Active colloids in complex fluids

TL;DR

This review discusses recent advances in understanding how active colloids and swimmers behave in complex, non-Newtonian fluids, emphasizing the nonlinear interactions and their implications for collective behavior and transport.

Contribution

It highlights the emerging understanding of active colloids in complex fluids and calls for simple experiments to clarify their complex interactions.

Findings

Fluid rheology significantly affects swimmer gaits and speeds.

Swimmers induce time-dependent, 3D flows that alter fluid properties.

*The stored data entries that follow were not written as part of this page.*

Lemma monge_chart_of_quadratic (A B C : R) (p e1 e2 n : V3) :
  orthonormal3 e1 e2 n ->
  (forall x y t,
     ellF A B C (vadd p (vadd (vscale x e1) (vadd (vscale y e2) (vscale t n)))) - 1
     = al * t ^ 2 + (2 * G + 2 * P * x) * t + L * (x ^ 2 + y ^ 2)) ->
  monge_chart A B C p (- (L / G)) (3 * (L * P / G ^ 2)) (L * P / G ^ 2) 0.
Proof.
  intros Hframe Hexp. exists e1, e2, n. split; [exact Hframe|].
  exists quad_graph, graph_radius.
  destruct graph_radius_bounds as (Hd & _ & Hald & _).
  split; [exact Hd|]. split; [|split].
  - intros x y Hx Hy. destruct (quad_graph_spec x y Hx Hy) as (_ & Hroot & _ & Hh).
    split; [exact Hh|].
    unfold on_ellipsoid. pose proof (Hexp x y (quad_graph x y)). lra.
  - intros x y t Hx Hy Ht Hon. unfold on_ellipsoid in Hon.
    destruct (quad_graph_spec x y Hx Hy) as (Hbeta & Hroot & _ & Hh).
    apply (quadratic_root_unique al (2 * G + 2 * P * x) (L * (x ^ 2 + y ^ 2))
             graph_radius); try assumption.
    + lra.
    + pose proof (Hexp x y t). lra.
  - exists ((4 * al * L ^ 2 + L * P ^ 2) / G ^ 3). exact quad_graph_jet.
Qed.

End QuadraticGraph.
Lemma cn_cond_iff M n : n = IZR M + 2 * lam q ^ 2 ->
  cn_cond q n <-> cn_condb m k (M + Z.of_nat q) = true.
Proof.
  intros Hn. set (Q := Z.of_nat q) in *.
  assert (Hn' : n = IZR M + IZR Q / 2) by (unfold Q; rewrite IZR_of_nat_q; lra).
  assert (HqQ : INR q = IZR Q) by apply INR_IZR_INZ.
  pose proof (disc_mZ_kZ q Hq) as Hdisc. fold Q in Hdisc.
  unfold cn_cond, cn_condb.
  destruct (mZ_cases q) as [Hm | Hm]; rewrite Hm in Hdisc |- *; cbn [Z.eqb].
  - assert (Hev : Nat.even q = true) by now apply (qset_even q Hq).
    rewrite Hev, Z.even_spec. split.
    + intros [[_ [K HK]] | [HK _]]; [|discriminate].
      exists (K + k)%Z. apply eq_IZR. rewrite <- Hdisc in Hn' |- *. IZR_expand. lra.
    + intros [j Hj]. left. split; [reflexivity|]. exists (j - k)%Z.
      rewrite Hn'. apply (f_equal IZR) in Hj. rewrite <- Hdisc in Hj |- *. IZR_expand. lra.
  - assert (Hev : Nat.even q = false).
    { destruct (Nat.even q) eqn:E; [|reflexivity]. apply (qset_even q Hq) in E. lia. }
    rewrite Hev, Z.eqb_eq, Z.mod_divide, Hdisc by lia. split.
    + intros [[HK _] | [_ [K HK]]]; [discriminate|].
      apply Z.divide_add_r; [|apply Z.divide_refl].
      apply (Gauss _ 2).
      * exists (K - 1)%Z. apply eq_IZR. rewrite HqQ, Hn' in HK. IZR_expand. lra.
      * apply bezout_rel_prime, (Bezout_intro _ _ _ (-1) (2 * k)). lia.
    + intros [j Hj]. right. split; [reflexivity|]. exists (2 * j - 1)%Z.
      rewrite HqQ, Hn'. apply (f_equal IZR) in Hj. IZR_expand. lra.
Qed.

Lemma cn_value M n : n = IZR M + 2 * lam q ^ 2 ->
  cn q n = if cn_condb m k (M + Z.of_nat q) then 1/2 else 1/4.
Proof.
  intros Hn. pose proof (cn_cond_iff M n Hn) as Hiff. unfold cn.
  destruct (excluded_middle_informative (cn_cond q n)) as [C | C],
    (cn_condb m k (M + Z.of_nat q)) eqn:E; try reflexivity; exfalso.
  - apply Hiff in C. congruence.
  - now apply C, Hiff.
Qed.

End ImaginaryQuadratic.

Lemma INR_card_formula (b : bool) (L U R1 R2 : nat) : (0 < U)%nat ->
  ((if b then 1 else 2) * (U * L) = R2 * R1)%nat ->
  INR L = 2 * (if b then 1/2 else 1/4) / INR U * INR R1 * INR R2.
Proof.
  intros HU H. apply (f_equal INR) in H. rewrite !mult_INR in H.
  assert (0 < INR U) by now apply lt_0_INR.
  destruct b; cbn [INR] in H; field_simplify_eq; nra.
Qed.

Theorem lemma2p4 (q : nat) (Hq : qset q) :
  (forall a b c d : Z, isSL2 a b c d ->
     let n := Rgam q a b c d in
     let z := zq q in
     let r := IZR (a + d) in
     let u := IZR b - Cmod z ^ 2 * IZR c - 2 * mu q * IZR d in
     let s := IZR a - IZR d - 2 * mu q * IZR c in
     let t := IZR b + Cmod z ^ 2 * IZR c in
     (exists ui si ti : Z, u = IZR ui /\ s = IZR si /\ t = IZR ti) /\
     Nrm (RtoC u + RtoC r * z)%C = n + 2 * lam q ^ 2 /\
     Nrm (RtoC t + RtoC s * z)%C = n - 2 * lam q ^ 2 /\
     ((yg q a b c d, xg q a b c d) : C)
       = ((RtoC u + RtoC r * z) * (RtoC t + RtoC s * Cconj z))%C) /\
  (forall n : R, Nset q n ->
     exists L U R1 R2 : nat,
       has_card (Lset q n) L /\ has_card (units q) U /\
       has_card (normset q (n + 2 * lam q ^ 2)) R1 /\
       has_card (normset q (n - 2 * lam q ^ 2)) R2 /\
       INR L = 2 * cn q n / INR U * INR R1 * INR R2).
Proof.
  split; [exact (alpha_beta_factorisation q Hq)|].
  intros n Hn. destruct (Nset_qnorm q Hq n Hn) as [M HM].
  set (M1 := (M + Z.of_nat q)%Z).
  exists (length (nodup Zpair_eq_dec (map (pair_product q) (pair_list q M)))),
    (length (qnorm_list (mZ q) (kZ q) 1)), (length (qnorm_list (mZ q) (kZ q) M1)),
    (length (qnorm_list (mZ q) (kZ q) M)).
  split; [|split; [|split; [|split]]].
  - exact (has_card_Lset q Hq M n HM).
  - exact (has_card_units q Hq).
  - replace (n + 2 * lam q ^ 2) with (IZR M1)
      by (unfold M1; rewrite plus_IZR, IZR_of_nat_q, HM; ring).
    exact (has_card_normset q Hq M1).
  - replace (n - 2 * lam q ^ 2) with (IZR M) by lra.
    exact (has_card_normset q Hq M).
  - rewrite (cn_value q Hq M n HM).
    apply INR_card_formula; [exact (length_qnorm_list_1_pos q Hq) | exact (card_identity q Hq M)].
Qed.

Nonlinear coupling influences collective behavior and passive tracer transport.

Abstract

We review recent work on active colloids or swimmers, such as self-propelled microorganisms, phoretic colloidal particles, and artificial micro-robotic systems, moving in fluid-like environments. These environments can be water-like and Newtonian but can frequently contain macromolecules, flexible polymers, soft cells, or hard particles, which impart complex, nonlinear rheological features to the fluid. While significant progress has been made on understanding how active colloids move and interact in Newtonian fluids, little is known on how active colloids behave in complex and non-Newtonian fluids. An emerging literature is starting to show how fluid rheology can dramatically change the gaits and speeds of individual swimmers. Simultaneously, a moving swimmer induces time dependent, three dimensional fluid flows, that can modify the medium (fluid) rheological properties. This two-way, non-linear coupling at microscopic scales has profound implications at meso- and macro-scales: steady state suspension properties, emergent collective behavior, and transport of passive tracer particles. Recent exciting theoretical results and current debate on quantifying these complex active fluids highlight the need for conceptually simple experiments to guide our understanding.